*EXERCISE INSTRUCTIONS*
Every line of the data that includes "both" should be copied out.
*** SUPPLIED RECORDS ***
(* Let $p$ be a natural number and $\mathcal{M}=M_2(\mathbb{C})\oplus_\infty\cdots\oplus_\infty M_2(\mathbb{C})$ ($p$ times). Let $\mathbf{x}=(x_1,\dots,x_p)\in\mathcal{M}$ with $x_i=\begin{bmatrix} x^{(i)}_{11} & x^{(i)}_{12}\\ x^{(i)}_{21} & x^{(i)}_{22}\end{bmatrix}$, and let $\mathcal{V}=D_2(\mathbb{C})\oplus\cdots\oplus D_2(\mathbb{C})$ ($p$ times), where $D_2(\mathbb{C})$ is the subspace of diagonal matrices in $M_2(\mathbb{C})$. Then \[ dist(\mathbf{x},\mathcal{V}) = \max\{|x_{12}^{(i)}|,|x_{21}^{(i)}|:~1\leq i \leq p\} \quad \text{and} \quad dist_1(\mathbf{x},\mathcal{V})=\sum_{i=1}^p \big(|x^{(i)}_{21}|+|x^{(i)}_{12}|\big). \]
   Context: $\mathcal{M}$ carries the $C^*$-norm $\|(z_1,\dots,z_p)\|=\max_i\|z_i\|$ (operator norms), and $dist$ is the distance in this norm. $dist_1$ is the distance with respect to the norm $\|(z_1,\dots,z_p)\|_1=\sum_i Tr(|z_i|)$ (sum of trace norms). *)

From HB Require Import structures.
From mathcomp Require Import all_boot all_order all_algebra.
From mathcomp Require Import all_classical all_reals.
From mathcomp Require Import complex.
Set Implicit Arguments. Unset Strict Implicit. Unset Printing Implicit Defensive.
Import Order.TTheory GRing.Theory Num.Theory.
Local Open Scope ring_scope.
Local Open Scope classical_set_scope.

Section Defs.
Variable R : realType.
Local Notation C := (R[i]).

Definition cabs (z : C) : R := complex.Re `|z|.

Definition adjmx m n (A : 'M[C]_(m, n)) : 'M[C]_(n, m) := (map_mx Num.conj A)^T.

Definition vnorm (v : 'cV[C]_2) : R := Num.sqrt (\sum_(k < 2) cabs (v k 0) ^+ 2).

Definition opnorm (A : 'M[C]_2) : R :=
  sup [set vnorm (A *m v) | v in [set v : 'cV[C]_2 | vnorm v <= 1]].

Definition psd (P : 'M[C]_2) : Prop :=
  P = adjmx P /\ forall v : 'cV[C]_2, 0 <= (adjmx v *m P *m v) 0 0.

(* |A| = (A^* A)^{1/2}, the (unique) positive semidefinite square root *)
Definition absmx (A : 'M[C]_2) : 'M[C]_2 :=
  xget 0 [set P | psd P /\ P *m P = adjmx A *m A].

Definition trnorm (A : 'M[C]_2) : R := complex.Re (\tr (absmx A)).

Definition Mnorm (p : nat) (z : 'I_p -> 'M[C]_2) : R :=
  \big[Num.max/0]_(i < p) opnorm (z i).

Definition Mnorm1 (p : nat) (z : 'I_p -> 'M[C]_2) : R :=
  \sum_(i < p) trnorm (z i).

Definition dist (p : nat) (x : 'I_p -> 'M[C]_2) (V : set ('I_p -> 'M[C]_2)) : R :=
  inf [set Mnorm (fun i => x i - v i) | v in V].

Definition dist1 (p : nat) (x : 'I_p -> 'M[C]_2) (V : set ('I_p -> 'M[C]_2)) : R :=
  inf [set Mnorm1 (fun i => x i - v i) | v in V].

Definition diagV (p : nat) : set ('I_p -> 'M[C]_2) :=
  [set v | forall i, is_diag_mx (v i)].

End Defs.

From HB Require Import structures.
From mathcomp Require Import all_boot all_order all_algebra.
From mathcomp Require Import all_classical all_reals.
From mathcomp Require Import complex.
From mathcomp Require Import ring lra.
Set Implicit Arguments. Unset Strict Implicit. Unset Printing Implicit Defensive.
Import Order.TTheory GRing.Theory Num.Theory.
Local Open Scope complex_scope.
Local Open Scope ring_scope.
Local Open Scope classical_set_scope.

(* The infimum is attained at the block-wise diagonal part of x.  For a 2x2
   matrix A = [a b; c d] both norms dominate the off-diagonal entries: the
   operator norm because b and c are coordinates of images of unit vectors,
   and the trace norm because
     Tr|A| = sqrt (|a|^2 + |b|^2 + |c|^2 + |d|^2 + 2 |det A|) >= |b| + |c|.
   This closed form holds since the trace of a positive square root P of A^*A
   is fixed by Tr (P^2) = Tr (A^*A) and det P = |det A|, and such a P exists
   by Cayley-Hamilton.  When a = d = 0 both bounds are equalities. *)

Lemma big_ord2 (V : nmodType) (F : 'I_2 -> V) :
  \sum_(k < 2) F k = F ord0 + F ord_max.
Proof. by rewrite !big_ord_recl big_ord0 addr0; congr (_ + F _); apply: val_inj. Qed.

Lemma ord2P (i : 'I_2) : i = ord0 \/ i = ord_max.
Proof. by case: i => [[|[|//]] ?]; [left | right]; apply: val_inj. Qed.

Section TwoByTwo.
Variable K : comNzRingType.
Implicit Types A M : 'M[K]_2.

Lemma mxtrace2 A : \tr A = A ord0 ord0 + A ord_max ord_max.
Proof. by rewrite /mxtrace big_ord2. Qed.

Lemma det_mx2 A :
  \det A = A ord0 ord0 * A ord_max ord_max - A ord0 ord_max * A ord_max ord0.
Proof.
rewrite (expand_det_row A ord0) big_ord2 /cofactor !det_mx11 !mxE /=.
have -> : lift ord0 (0 : 'I_1) = ord_max by apply: val_inj.
have -> : lift ord_max (0 : 'I_1) = ord0 by apply: val_inj.
by rewrite /= expr0 expr1; ring.
Qed.

Lemma cayley_hamilton2 M : M *m M = \tr M *: M - (\det M)%:M.
Proof.
rewrite mxtrace2 det_mx2; apply/matrixP => i j; rewrite !mxE big_ord2.
by case: (ord2P i) => ->; case: (ord2P j) => -> /=; ring.
Qed.
(* Let $G$ be a finite group acting (via a homomorphism $\Gamma_G: G \to S_A$) on a finite set $A = X \sqcup Y$ of cardinality $n$, and suppose the action is partition-preserving. Let $\Omega = \Omega_X \sqcup \Omega_Y$ be a set of colors, with weight functions $\omega_X:\Omega_X\to\mathbb{N}^+$ and $\omega_Y:\Omega_Y\to\mathbb{N}^+$ having only finitely many colors of each weight, and let $f_X$, $f_Y$ be their generating functions. Let $\Phi$ be the set of valid colorings of $A$, on which $G$ acts by $(g\varphi)(a)=\varphi(ga)$. Then, as formal power series in two variables, $$\sum_{a,b\ge 0} N_{a,b}\, x^a y^b = \tilde Z_G\big(f_X(x),\ldots,f_X(x^n), f_Y(y),\ldots, f_Y(y^n)\big),$$ where $N_{a,b}$ is the number of orbits of $G$ on $\Phi$ consisting of colorings $\varphi$ with $\sum_{c\in X}\omega_X(\varphi(c)) = a$ and $\sum_{c\in Y}\omega_Y(\varphi(c)) = b$.
   Context: For a finite set $A$, $S_A$ is the group of bijections $A\to A$; every element of $S_A$ decomposes uniquely (up to order) into pairwise disjoint cycles. An action of $G$ on $A = X\sqcup Y$ is partition-preserving if for all $g\in G$ and $a\in A$: $ga\in X \iff a\in X$ and $ga\in Y\iff a\in Y$. For $g\in G$, $C_k^X(g)$ (resp. $C_k^Y(g)$) denotes the number of $k$-cycles (fixed points counting as 1-cycles) in the disjoint cycle decomposition of $\Gamma_G(g)$ contained in $X$ (resp. $Y$). The bipartite cycle index is $$\tilde Z_G(x_1,\ldots,x_n,y_1,\ldots,y_n) = \frac{1}{|G|}\sum_{g\in G} x_1^{C_1^X(g)}\cdots x_n^{C_n^X(g)}\, y_1^{C_1^Y(g)}\cdots y_n^{C_n^Y(g)}.$$ For a weight function $\omega:\Omega'\to\mathbb{N}$ with finite fibers, its generating function is $f_\omega(x)=\sum_{i\ge 0}|\omega^{-1}(i)|\,x^i$. A coloring $\varphi: A\to\Omega_X\sqcup\Omega_Y$ is valid if $\varphi(c)\in\Omega_X\iff c\in X$ and $\varphi(c)\in\Omega_Y\iff c\in Y$. *)

From HB Require Import structures.
From mathcomp Require Import all_boot all_order all_fingroup all_algebra.
Set Implicit Arguments. Unset Strict Implicit. Unset Printing Implicit Defensive.
Import GRing.Theory.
***
*RESULT BELOW*
   matrix A = [a b; c d] both norms dominate the off-diagonal entries: the
   by Cayley-Hamilton.  When a = d = 0 both bounds are equalities. *)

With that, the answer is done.